Could you retype exactly the lines running from the line with "(forall x y z, mul (add" to the end of the data, both included, and nothing else?
------
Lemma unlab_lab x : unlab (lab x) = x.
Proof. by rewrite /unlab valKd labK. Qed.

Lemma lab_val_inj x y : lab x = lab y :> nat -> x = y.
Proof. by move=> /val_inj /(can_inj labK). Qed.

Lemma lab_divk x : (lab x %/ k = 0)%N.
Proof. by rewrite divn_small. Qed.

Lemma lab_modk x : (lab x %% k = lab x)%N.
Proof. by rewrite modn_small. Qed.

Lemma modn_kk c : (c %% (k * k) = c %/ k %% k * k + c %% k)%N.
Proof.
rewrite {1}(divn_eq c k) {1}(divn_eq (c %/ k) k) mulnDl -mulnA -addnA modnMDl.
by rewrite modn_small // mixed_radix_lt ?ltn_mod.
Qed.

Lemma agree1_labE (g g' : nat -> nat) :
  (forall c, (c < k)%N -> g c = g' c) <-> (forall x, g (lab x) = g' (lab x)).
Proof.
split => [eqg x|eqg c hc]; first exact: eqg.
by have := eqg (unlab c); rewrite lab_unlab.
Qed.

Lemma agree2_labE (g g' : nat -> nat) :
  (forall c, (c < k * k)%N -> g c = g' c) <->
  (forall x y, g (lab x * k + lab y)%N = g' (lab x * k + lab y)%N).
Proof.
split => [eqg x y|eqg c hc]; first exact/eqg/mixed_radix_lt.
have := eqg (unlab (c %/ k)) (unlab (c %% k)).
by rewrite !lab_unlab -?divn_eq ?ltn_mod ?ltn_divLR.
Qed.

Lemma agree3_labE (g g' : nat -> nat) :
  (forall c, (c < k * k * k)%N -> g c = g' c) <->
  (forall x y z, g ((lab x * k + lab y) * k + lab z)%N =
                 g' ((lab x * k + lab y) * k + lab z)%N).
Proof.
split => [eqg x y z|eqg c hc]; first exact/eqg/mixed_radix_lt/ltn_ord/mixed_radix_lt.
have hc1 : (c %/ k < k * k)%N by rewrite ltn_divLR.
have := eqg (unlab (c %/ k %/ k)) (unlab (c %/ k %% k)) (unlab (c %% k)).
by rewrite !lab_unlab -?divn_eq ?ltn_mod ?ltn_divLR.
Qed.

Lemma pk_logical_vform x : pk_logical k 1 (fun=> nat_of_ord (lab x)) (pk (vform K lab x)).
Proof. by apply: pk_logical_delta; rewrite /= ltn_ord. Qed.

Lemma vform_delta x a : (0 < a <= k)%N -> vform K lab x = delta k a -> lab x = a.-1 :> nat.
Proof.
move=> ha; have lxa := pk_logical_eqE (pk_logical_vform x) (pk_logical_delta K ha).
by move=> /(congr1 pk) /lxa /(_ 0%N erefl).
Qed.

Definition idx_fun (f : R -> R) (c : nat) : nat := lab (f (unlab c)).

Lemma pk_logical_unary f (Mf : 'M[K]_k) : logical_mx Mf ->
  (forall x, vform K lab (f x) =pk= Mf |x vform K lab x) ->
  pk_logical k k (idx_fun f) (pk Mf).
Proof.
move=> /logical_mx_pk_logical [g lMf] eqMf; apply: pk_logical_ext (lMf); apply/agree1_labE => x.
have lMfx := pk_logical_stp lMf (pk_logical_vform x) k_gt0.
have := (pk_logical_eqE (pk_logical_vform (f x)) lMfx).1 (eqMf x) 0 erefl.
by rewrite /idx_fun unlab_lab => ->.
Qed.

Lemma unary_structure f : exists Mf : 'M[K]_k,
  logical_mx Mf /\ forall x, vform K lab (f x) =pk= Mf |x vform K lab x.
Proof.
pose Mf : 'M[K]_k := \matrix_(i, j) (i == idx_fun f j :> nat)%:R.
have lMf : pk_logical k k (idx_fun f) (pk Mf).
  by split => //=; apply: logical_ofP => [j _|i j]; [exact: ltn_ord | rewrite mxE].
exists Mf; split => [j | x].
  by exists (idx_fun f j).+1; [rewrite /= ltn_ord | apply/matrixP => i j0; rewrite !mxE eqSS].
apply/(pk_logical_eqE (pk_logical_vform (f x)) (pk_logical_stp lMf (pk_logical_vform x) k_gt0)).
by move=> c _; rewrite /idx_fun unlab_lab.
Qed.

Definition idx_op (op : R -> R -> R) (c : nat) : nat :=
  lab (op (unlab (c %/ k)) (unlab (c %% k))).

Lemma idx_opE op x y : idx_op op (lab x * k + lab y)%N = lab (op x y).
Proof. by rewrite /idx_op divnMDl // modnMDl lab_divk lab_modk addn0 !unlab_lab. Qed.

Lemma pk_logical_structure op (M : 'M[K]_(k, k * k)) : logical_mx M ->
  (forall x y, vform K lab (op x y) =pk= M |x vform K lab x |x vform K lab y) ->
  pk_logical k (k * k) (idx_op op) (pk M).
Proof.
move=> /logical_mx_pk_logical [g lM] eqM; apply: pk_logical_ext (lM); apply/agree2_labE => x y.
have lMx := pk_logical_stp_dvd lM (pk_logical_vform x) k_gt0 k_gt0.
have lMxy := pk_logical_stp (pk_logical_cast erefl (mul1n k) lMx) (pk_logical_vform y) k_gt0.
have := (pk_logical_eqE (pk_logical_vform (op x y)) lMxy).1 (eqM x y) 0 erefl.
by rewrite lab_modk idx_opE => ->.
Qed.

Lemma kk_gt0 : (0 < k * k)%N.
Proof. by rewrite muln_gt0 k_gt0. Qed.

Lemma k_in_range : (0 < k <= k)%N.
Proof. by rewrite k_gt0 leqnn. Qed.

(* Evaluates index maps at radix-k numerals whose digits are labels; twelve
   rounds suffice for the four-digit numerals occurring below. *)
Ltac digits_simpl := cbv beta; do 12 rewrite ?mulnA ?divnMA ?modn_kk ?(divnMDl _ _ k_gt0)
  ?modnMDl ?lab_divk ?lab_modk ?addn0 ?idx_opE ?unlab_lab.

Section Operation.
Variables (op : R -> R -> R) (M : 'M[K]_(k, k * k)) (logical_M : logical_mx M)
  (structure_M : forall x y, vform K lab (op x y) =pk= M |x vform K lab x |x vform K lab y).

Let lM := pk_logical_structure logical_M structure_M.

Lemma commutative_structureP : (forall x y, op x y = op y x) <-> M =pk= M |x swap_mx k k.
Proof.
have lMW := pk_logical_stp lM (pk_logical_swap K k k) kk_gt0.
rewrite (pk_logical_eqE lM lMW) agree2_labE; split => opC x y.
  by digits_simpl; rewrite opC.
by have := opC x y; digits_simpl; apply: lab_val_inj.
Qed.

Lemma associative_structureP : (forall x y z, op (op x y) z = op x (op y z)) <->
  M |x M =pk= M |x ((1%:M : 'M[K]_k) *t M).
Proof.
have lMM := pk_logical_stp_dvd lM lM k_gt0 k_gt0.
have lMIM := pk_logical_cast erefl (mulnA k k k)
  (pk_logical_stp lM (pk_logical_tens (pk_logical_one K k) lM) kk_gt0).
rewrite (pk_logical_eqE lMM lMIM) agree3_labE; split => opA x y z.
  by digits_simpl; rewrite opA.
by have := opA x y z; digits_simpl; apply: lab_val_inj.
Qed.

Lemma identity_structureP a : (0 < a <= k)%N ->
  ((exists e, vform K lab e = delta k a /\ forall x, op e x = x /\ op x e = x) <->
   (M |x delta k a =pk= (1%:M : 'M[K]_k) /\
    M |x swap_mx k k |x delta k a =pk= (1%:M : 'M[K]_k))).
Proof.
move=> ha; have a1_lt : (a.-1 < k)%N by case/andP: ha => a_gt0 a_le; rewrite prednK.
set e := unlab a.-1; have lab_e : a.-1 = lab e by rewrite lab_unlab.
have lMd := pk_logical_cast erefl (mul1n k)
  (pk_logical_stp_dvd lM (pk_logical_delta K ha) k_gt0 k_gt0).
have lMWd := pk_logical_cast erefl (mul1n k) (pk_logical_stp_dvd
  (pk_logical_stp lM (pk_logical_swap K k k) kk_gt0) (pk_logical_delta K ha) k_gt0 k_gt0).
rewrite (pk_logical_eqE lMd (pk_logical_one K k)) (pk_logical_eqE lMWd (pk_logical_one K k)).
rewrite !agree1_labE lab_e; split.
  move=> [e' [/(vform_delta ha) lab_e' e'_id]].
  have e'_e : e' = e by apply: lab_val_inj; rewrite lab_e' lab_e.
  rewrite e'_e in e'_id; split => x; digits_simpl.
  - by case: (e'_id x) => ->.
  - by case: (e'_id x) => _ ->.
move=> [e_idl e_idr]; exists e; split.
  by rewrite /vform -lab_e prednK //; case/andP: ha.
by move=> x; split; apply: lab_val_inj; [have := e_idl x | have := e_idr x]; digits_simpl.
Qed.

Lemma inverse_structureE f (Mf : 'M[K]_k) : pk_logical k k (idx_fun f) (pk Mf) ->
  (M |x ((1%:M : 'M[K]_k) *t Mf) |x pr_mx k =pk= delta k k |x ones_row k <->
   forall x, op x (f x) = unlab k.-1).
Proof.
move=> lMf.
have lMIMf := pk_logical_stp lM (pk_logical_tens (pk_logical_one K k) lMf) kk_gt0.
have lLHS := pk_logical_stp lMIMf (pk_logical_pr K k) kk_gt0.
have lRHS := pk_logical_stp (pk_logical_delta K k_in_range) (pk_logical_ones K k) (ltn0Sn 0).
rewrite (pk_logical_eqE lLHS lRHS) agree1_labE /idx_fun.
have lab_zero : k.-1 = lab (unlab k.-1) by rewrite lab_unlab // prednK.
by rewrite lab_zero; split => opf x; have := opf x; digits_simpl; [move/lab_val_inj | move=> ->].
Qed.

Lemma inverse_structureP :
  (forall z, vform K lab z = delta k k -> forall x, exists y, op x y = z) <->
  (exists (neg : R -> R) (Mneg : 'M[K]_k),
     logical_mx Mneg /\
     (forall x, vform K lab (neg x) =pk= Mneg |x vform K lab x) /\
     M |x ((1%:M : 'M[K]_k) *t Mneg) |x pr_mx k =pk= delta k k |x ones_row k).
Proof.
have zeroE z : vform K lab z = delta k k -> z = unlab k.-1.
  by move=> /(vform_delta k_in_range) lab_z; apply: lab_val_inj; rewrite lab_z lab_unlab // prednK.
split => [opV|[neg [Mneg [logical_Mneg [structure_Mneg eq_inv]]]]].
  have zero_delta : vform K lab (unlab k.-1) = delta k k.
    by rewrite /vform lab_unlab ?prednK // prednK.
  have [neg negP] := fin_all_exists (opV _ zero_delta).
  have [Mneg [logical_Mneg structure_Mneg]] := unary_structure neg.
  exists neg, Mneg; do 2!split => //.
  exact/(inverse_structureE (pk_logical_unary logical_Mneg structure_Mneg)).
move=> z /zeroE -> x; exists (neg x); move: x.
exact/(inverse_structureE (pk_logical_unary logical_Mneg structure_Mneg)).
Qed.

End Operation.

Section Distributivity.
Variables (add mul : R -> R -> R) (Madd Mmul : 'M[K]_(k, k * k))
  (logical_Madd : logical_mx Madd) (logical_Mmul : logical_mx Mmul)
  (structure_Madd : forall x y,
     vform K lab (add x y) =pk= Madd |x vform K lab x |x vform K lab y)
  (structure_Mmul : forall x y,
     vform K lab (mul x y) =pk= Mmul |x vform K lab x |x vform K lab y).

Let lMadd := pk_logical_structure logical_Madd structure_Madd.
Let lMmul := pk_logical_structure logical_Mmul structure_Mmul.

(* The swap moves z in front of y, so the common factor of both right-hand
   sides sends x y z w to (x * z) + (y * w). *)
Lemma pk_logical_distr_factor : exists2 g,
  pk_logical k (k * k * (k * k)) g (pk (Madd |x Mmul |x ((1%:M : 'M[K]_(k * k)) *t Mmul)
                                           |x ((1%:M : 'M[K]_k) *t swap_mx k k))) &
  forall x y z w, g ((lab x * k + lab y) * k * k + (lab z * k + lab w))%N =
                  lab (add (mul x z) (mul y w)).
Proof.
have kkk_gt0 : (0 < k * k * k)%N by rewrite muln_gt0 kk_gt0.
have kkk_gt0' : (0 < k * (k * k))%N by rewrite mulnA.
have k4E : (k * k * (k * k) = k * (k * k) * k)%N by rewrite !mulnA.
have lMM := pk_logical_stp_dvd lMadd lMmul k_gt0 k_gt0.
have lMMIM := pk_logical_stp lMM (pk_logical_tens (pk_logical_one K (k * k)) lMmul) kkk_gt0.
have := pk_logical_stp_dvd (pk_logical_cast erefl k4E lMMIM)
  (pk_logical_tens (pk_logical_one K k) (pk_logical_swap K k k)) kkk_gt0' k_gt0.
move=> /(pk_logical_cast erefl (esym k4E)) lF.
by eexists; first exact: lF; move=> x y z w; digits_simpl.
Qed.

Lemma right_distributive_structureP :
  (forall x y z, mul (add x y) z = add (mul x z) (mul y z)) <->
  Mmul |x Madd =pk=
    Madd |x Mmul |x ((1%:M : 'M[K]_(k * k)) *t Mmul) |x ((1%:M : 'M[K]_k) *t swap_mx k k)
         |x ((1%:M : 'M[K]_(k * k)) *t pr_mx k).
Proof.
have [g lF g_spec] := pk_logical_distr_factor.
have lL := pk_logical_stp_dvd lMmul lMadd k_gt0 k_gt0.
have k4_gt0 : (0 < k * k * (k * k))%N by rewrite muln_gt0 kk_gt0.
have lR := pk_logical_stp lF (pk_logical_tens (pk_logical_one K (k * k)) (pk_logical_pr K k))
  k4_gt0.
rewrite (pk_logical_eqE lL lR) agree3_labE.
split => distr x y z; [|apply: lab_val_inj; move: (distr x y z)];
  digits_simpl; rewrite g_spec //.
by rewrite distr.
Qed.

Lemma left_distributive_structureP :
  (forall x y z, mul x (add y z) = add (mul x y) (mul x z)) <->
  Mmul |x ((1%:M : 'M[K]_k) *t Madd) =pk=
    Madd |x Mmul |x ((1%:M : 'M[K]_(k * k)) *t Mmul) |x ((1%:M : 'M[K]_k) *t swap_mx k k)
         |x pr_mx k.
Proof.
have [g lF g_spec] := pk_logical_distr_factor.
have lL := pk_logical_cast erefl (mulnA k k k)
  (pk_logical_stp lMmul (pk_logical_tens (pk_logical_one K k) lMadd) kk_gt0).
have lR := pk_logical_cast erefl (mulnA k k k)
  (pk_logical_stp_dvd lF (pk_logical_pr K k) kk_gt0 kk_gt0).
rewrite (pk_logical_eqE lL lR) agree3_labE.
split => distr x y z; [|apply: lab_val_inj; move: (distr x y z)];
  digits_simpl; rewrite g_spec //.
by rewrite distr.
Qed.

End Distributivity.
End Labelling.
------
• Task answer:
  (forall x y z, mul (add x y) z = add (mul x z) (mul y z)) <->
  Mmul |x Madd =pk=
    Madd |x Mmul |x ((1%:M : 'M[K]_(k * k)) *t Mmul) |x ((1%:M : 'M[K]_k) *t swap_mx k k)
         |x ((1%:M : 'M[K]_(k * k)) *t pr_mx k).
Proof.
have [g lF g_spec] := pk_logical_distr_factor.
have lL := pk_logical_stp_dvd lMmul lMadd k_gt0 k_gt0.
have k4_gt0 : (0 < k * k * (k * k))%N by rewrite muln_gt0 kk_gt0.
have lR := pk_logical_stp lF (pk_logical_tens (pk_logical_one K (k * k)) (pk_logical_pr K k))
  k4_gt0.
rewrite (pk_logical_eqE lL lR) agree3_labE.
split => distr x y z; [|apply: lab_val_inj; move: (distr x y z)];
  digits_simpl; rewrite g_spec //.
by rewrite distr.
Qed.

Lemma left_distributive_structureP :
  (forall x y z, mul x (add y z) = add (mul x y) (mul x z)) <->
  Mmul |x ((1%:M : 'M[K]_k) *t Madd) =pk=
    Madd |x Mmul |x ((1%:M : 'M[K]_(k * k)) *t Mmul) |x ((1%:M : 'M[K]_k) *t swap_mx k k)
         |x pr_mx k.
Proof.
have [g lF g_spec] := pk_logical_distr_factor.
have lL := pk_logical_cast erefl (mulnA k k k)
  (pk_logical_stp lMmul (pk_logical_tens (pk_logical_one K k) lMadd) kk_gt0).
have lR := pk_logical_cast erefl (mulnA k k k)
  (pk_logical_stp_dvd lF (pk_logical_pr K k) kk_gt0 kk_gt0).
rewrite (pk_logical_eqE lL lR) agree3_labE.
split => distr x y z; [|apply: lab_val_inj; move: (distr x y z)];
  digits_simpl; rewrite g_spec //.
by rewrite distr.
Qed.

End Distributivity.
End Labelling.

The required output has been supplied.